Mevrouw Brautigam kreeg het laatste woord om te stellen dat het contract gunstiger is dan professor Marysse denkt. Zijn analyse is te veel in het luchtledige, zonder rekening te houden met wat de realiteit van de andere contracten is/was en wat haalbaar is. Een gelijkaardige kritiek geldt overigens voor het Global Witness rapport.

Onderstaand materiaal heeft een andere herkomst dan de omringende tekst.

Lemma horner_beta_poly a b (p : R) :
  (beta_poly a b).[p] = p ^+ a * (1 - p) ^+ b.
Proof. by rewrite /beta_poly !hornerE. Qed.

Lemma deriv_beta_poly a b (p : R) : (beta_poly a.+1 b.+1)^`().[p] =
  p ^+ a * (1 - p) ^+ b * (a.+1%:R * (1 - p) - b.+1%:R * p).
Proof.
rewrite /beta_poly derivM derivXn deriv_exp derivB -polyC1 derivC derivX /=.
by rewrite !(hornerMn, hornerE) /= [p ^+ a.+1]exprS [(1 - p) ^+ b.+1]exprS; ring.
Qed.

Lemma beta_poly_nondecr_below_mode a b (p q : R) : (0 < a)%N -> (0 < b)%N ->
  0 <= p -> p <= q -> (a + b)%:R * q <= a%:R ->
  (beta_poly a b).[p] <= (beta_poly a b).[q].
Proof.
case: a b => [|a] [|b] // _ _ p0 pq; rewrite natrD => q_le_mode.
apply: poly_le_of_deriv_ge0 => // c pc cq; rewrite deriv_beta_poly.
have a_gt0 : 0 < a.+1%:R :> R by rewrite ltr0n.
have b_gt0 : 0 < b.+1%:R :> R by rewrite ltr0n.
have c_le_mode : (a.+1%:R + b.+1%:R) * c <= a.+1%:R by nra.
by rewrite !mulr_ge0 ?exprn_ge0; nra.
Qed.

Lemma beta_poly_nonincr_above_mode a b (p q : R) : (0 < a)%N -> (0 < b)%N ->
  p <= q -> q <= 1 -> a%:R <= (a + b)%:R * p ->
  (beta_poly a b).[q] <= (beta_poly a b).[p].
Proof.
case: a b => [|a] [|b] // _ _ pq q1; rewrite natrD => p_ge_mode.
apply: poly_le_of_deriv_le0 => // c pc cq; rewrite deriv_beta_poly.
have a_gt0 : 0 < a.+1%:R :> R by rewrite ltr0n.
have b_gt0 : 0 < b.+1%:R :> R by rewrite ltr0n.
have c_ge_mode : a.+1%:R <= (a.+1%:R + b.+1%:R) * c by nra.
by rewrite mulr_ge0_le0 ?mulr_ge0 ?exprn_ge0; nra.
Qed.

Definition binom_tail_poly (N K : nat) : {poly R} :=
  \sum_(K <= i < N.+1) 'C(N, i)%:R *: beta_poly i (N - i).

Het Chinese contract is stukken transparanter dan de contracten die Congo voorheen met Westerse mijnmaatschappijen afsloot. De rente die de Chinezen aanrekenen is lager dan wat Westerse banken voor gelijkaardige leningen aanrekenen. De gratis deelname van de Kongolese overheid in de joint venture is dan weer hoger dan in contracten met Westerse mijnfirma’s. Er worden geen belastingen betaald maar de winsten van de joint venture worden zwaar afgeroomd (in het begin 85%) om de infrastructuur terug te betalen en nadien krijgt de Congolese staat er nog altijd 32% van; dat staat gelijk aan een fikse belasting. De geplande winstvoet van 19% kan hoog lijken, maar die van andere mijncontracten werden niet bekendgemaakt en de enkele die we onrechtstreeks wel kennen liggen een stuk hoger; gezien het risico van mijnprojecten en van werken in Congo is een vooruitzicht van 19% niet overdreven; het risico is er wel degelijk, er zijn immers mijnmaatschappijen die failliet gaan; de Chinese regering heeft overigens het akkoord nog altijd niet definitief goedgekeurd, vermoedelijk proberen ze nog steeds de risico’s correct in te schatten. We spreken dus wel degelijk van winst voor Congo: het was hoe dan ook verplicht met buitenlandse partijen scheep te gaan om uit het moeras te geraken, en het contract met China is voor Congo substantieel gunstiger dan akkoorden met Westerse maatschappijen. Het IMF is erin geslaagd het risico dat de Congolese staat opnieuw in de schuld geraakt indien het mijnproject volledig zou mislukken, fel te verminderen; dat is positief voor de Westerse bankiers die nog schulden van Kongo willen terugbetaald krijgen, maar Kongo krijgt daardoor wel voor 3 miljard minder infrastructuur van de Chinezen; het is dus niet zeker dat het globale plaatje van de IMF-interventie voor Congo wel positief is.